Wie bei so vielen Dream Pop und Shoegaze Bands sind Träume und das Abtauchen auch dominierendes Thema in den Texten und bilden so mit der Musik eine entrückte Einheit. „Is this a daydream?“ fragt man sich in Daydream und malt die Szenerie aus („we walk to the riverside of love“). Die Texte sind also weitaus überlegter als bloß funktionserfüllend mit der Musik dahinschwebend.
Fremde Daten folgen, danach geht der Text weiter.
Definition tf_block (c : conf) (b : block) : conf :=
  match b with
  | BCall a => step c (inl (inl a))
  | BTau tau _ => (c.1, tau c.2)
  end.

Definition tf_fact (s0 : seq (Qs A)) (bs : seq block) : conf :=
  foldl tf_block (match s0 with [::] => init_conf | q1 :: _ => ([::], q1) end) bs.

(* graph of t_f on AllFlat (the factorization being unique) *)
Definition tf_rel (w : seq Sigmaf) (c : conf) : Prop :=
  exists s0 bs, w = flat_word s0 bs /\ c = tf_fact s0 bs.

Definition nuf_rel (w : seq Sigmaf) (c' : conf) : Prop :=
  exists c, tf_rel w c /\ is_rep c c'.

End VPADefs.

From mathcomp Require Import all_boot boolp zify.
Set Implicit Arguments. Unset Strict Implicit. Unset Printing Implicit Defensive.

(* A flat word writes the stack of its configuration bottom-up, one cell per call
   letter, and determines the state of [A] as it goes; so a one-way transducer can
   output [enc (t_f w)].  For [nu_f] it suffices that the relation [c' = rep c] is
   recognised by a finite automaton reading the two stacks in lockstep from the
   top: language equivalence is decided by the sets of state pairs reached at the
   first pop below the current cell, reachability by chains of push summaries, and
   minimality by a subset construction over guessed smaller equivalent reachable
   configurations.  The transducer then guesses the output stack bottom-up and runs
   that automaton backwards. *)

Section RationalClosure.
Variables X Y : Type.
Implicit Types (p q r : mpair X Y) (S T : mpair X Y -> Prop).

Lemma rcat0s p : rcat ([::], [::]) p = p.
Proof. by case: p. Qed.

Lemma rcats0 p : rcat p ([::], [::]) = p.
Proof. by case: p => u v; rewrite /rcat /= !cats0. Qed.

Lemma rcatA p q r : rcat p (rcat q r) = rcat (rcat p q) r.
Proof. by rewrite /rcat /= !catA. Qed.

Definition rprod S T p := exists p1 p2, [/\ S p1, T p2 & p = rcat p1 p2].

Lemma rprod_rcat S T p1 p2 : S p1 -> T p2 -> rprod S T (rcat p1 p2).
Proof. by move=> h1 h2; exists p1, p2. Qed.

Lemma rational_rprod S T : rational S -> rational T -> rational (rprod S T).
Proof. exact: rat_prod. Qed.

Lemma rational_and (P : Prop) S : rational S -> rational (fun p => P /\ S p).
Proof.
move=> ratS; case: (pselect P) => [HP|nP].
  by apply: rat_ext ratS => p; split=> [|[]].
by apply: rat_ext (@rat_empty X Y) => p; split=> [|[]].
Qed.

Lemma rational_exists_mem (I : eqType) (s : seq I) (F : I -> mpair X Y -> Prop) :
  (forall i, rational (F i)) -> rational (fun p => exists2 i, i \in s & F i p).
Proof.
move=> ratF; elim: s => [|i s IHs].
  by apply: rat_ext (@rat_empty X Y) => p; split=> [|[]].
apply: rat_ext (rat_union (ratF i) IHs) => p; split.
  by case=> [Fp|[j js Fp]]; [exists i|exists j]; rewrite ?inE ?eqxx ?js ?orbT.
by case=> j; rewrite inE => /predU1P[->|js] Fp; [left|right; exists j].
Qed.

Lemma rational_exists (I : finType) (F : I -> mpair X Y -> Prop) :
  (forall i, rational (F i)) -> rational (fun p => exists i, F i p).
Proof.
move=> /(rational_exists_mem (enum I)); apply: rat_ext => p.
by split=> [[i _ Fp]|[i Fp]]; exists i; rewrite ?mem_enum.
Qed.

End RationalClosure.

Section LabelledPaths.
Variables (X Y : Type) (V : finType) (E : V -> mpair X Y -> V -> Prop).
Hypothesis rational_E : forall s t, rational (fun x => E s x t).

Inductive lpath : V -> mpair X Y -> V -> Prop :=
| lpath_nil s : lpath s ([::], [::]) s
| lpath_cons s x r y t : E s x r -> lpath r y t -> lpath s (rcat x y) t.

Inductive lpath_via (P : {set V}) : V -> mpair X Y -> V -> Prop :=
| lpath_via1 s x t : E s x t -> lpath_via P s x t
| lpath_via_cons s x r y t :
    E s x r -> r \in P -> lpath_via P r y t -> lpath_via P s (rcat x y) t.

Lemma lpath_via_subset (P P' : {set V}) s x t :
  P \subset P' -> lpath_via P s x t -> lpath_via P' s x t.
Proof.
move=> sPP'; elim=> {s x t} [s x t e|s x r y t e rP _ IH]; first exact: lpath_via1.
exact: lpath_via_cons e (subsetP sPP' r rP) IH.
Qed.

Lemma lpath_via_cat (P : {set V}) s x r y t :
  lpath_via P s x r -> r \in P -> lpath_via P r y t -> lpath_via P s (rcat x y) t.
Proof.
elim=> {s x r} [s x r e|s x r1 y1 r e r1P _ IH] rP ry.
  exact: lpath_via_cons e rP ry.
by rewrite -rcatA; apply: lpath_via_cons e r1P (IH rP ry).
Qed.

Lemma lpath_via_star (P : {set V}) r x y t : r \in P ->
  rstar (fun x => lpath_via P r x r) x -> lpath_via P r y t ->
  lpath_via P r (rcat x y) t.
Proof.
move=> rP; elim=> {x} [|x1 x2 loop _ IH] ry; first by rewrite rcat0s.
by rewrite -rcatA; apply: lpath_via_cat loop rP (IH ry).
Qed.

Lemma lpath_via_setU1 (P : {set V}) r s x t : r \notin P ->
  lpath_via (r |: P) s x t <->
  lpath_via P s x t \/
  exists x1 x2 x3, [/\ lpath_via P s x1 r, rstar (fun x => lpath_via P r x r) x2,
                       lpath_via P r x3 t & x = rcat x1 (rcat x2 x3)].
Proof.
move=> rNP; split.
  elim=> {s x t} [s x t e|s x r0 y t e]; first by left; apply: lpath_via1.
  rewrite in_setU1 => /predU1P[er0|r0P] _.
    subst r0; case=> [ry|[x1 [x2 [x3 [p1 p2 p3 ->]]]]]; right.
      exists x, ([::], [::]), y.
      by split; [exact: lpath_via1|exact: rstar_nil|exact: ry|rewrite rcat0s].
    exists x, (rcat x1 x2), x3.
    by split=> //; [exact: lpath_via1|exact: rstar_cons|rewrite !rcatA].
  case=> [ry|[x1 [x2 [x3 [p1 p2 p3 ->]]]]]; first by left; apply: lpath_via_cons e r0P ry.
  right; exists (rcat x x1), x2, x3; split=> //; first exact: lpath_via_cons e r0P p1.
  by rewrite !rcatA.
have sub : P \subset r |: P by apply/subsetP => z zP; rewrite in_setU1 zP orbT.
have rP : r \in r |: P by rewrite in_setU1 eqxx.
case=> [p|[x1 [x2 [x3 [p1 p2 p3 ->]]]]]; first exact: lpath_via_subset p.
apply: (lpath_via_cat (lpath_via_subset sub p1) rP).
apply: (lpath_via_star rP _ (lpath_via_subset sub p3)).
elim: p2 => [|y1 y2 loop _ IH]; first exact: rstar_nil.
exact: rstar_cons (lpath_via_subset sub loop) IH.
Qed.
In Forest stand der Text sogar vor der Musik am Papier. „here I am so small / but I can feel so tall“ heißt es in der ersten Singleauskoppelung – die Inspiration überkam Sänger Viktor Koch umringt von himmelhohen Bäumen im Wald. Der letzte Track Wake Up schwemmt den traumversunkenen Hörer zurück ans Ufer der Realität. Und es war ein wunderbarer Traum.

Oneironaut ist ein sehr eigenständiges Debüt und wirkt trotz der vielen Effekte nicht überfrachtet. Und österreichischer Dream Pop – neben den shoegazelastigeren Wienern von Snoww Crystal und den moderneren Träumern von Contrails – eher eine Ausnahmeerscheinung. Auch daher bleibt zu wünschen dass die aus Grieskirchen verträumt in die weite Welt stampfenden Elefanten ihren Weg konsequent weiterstampfen.

Musik für Tagträumer und alle, die es noch werden wollen.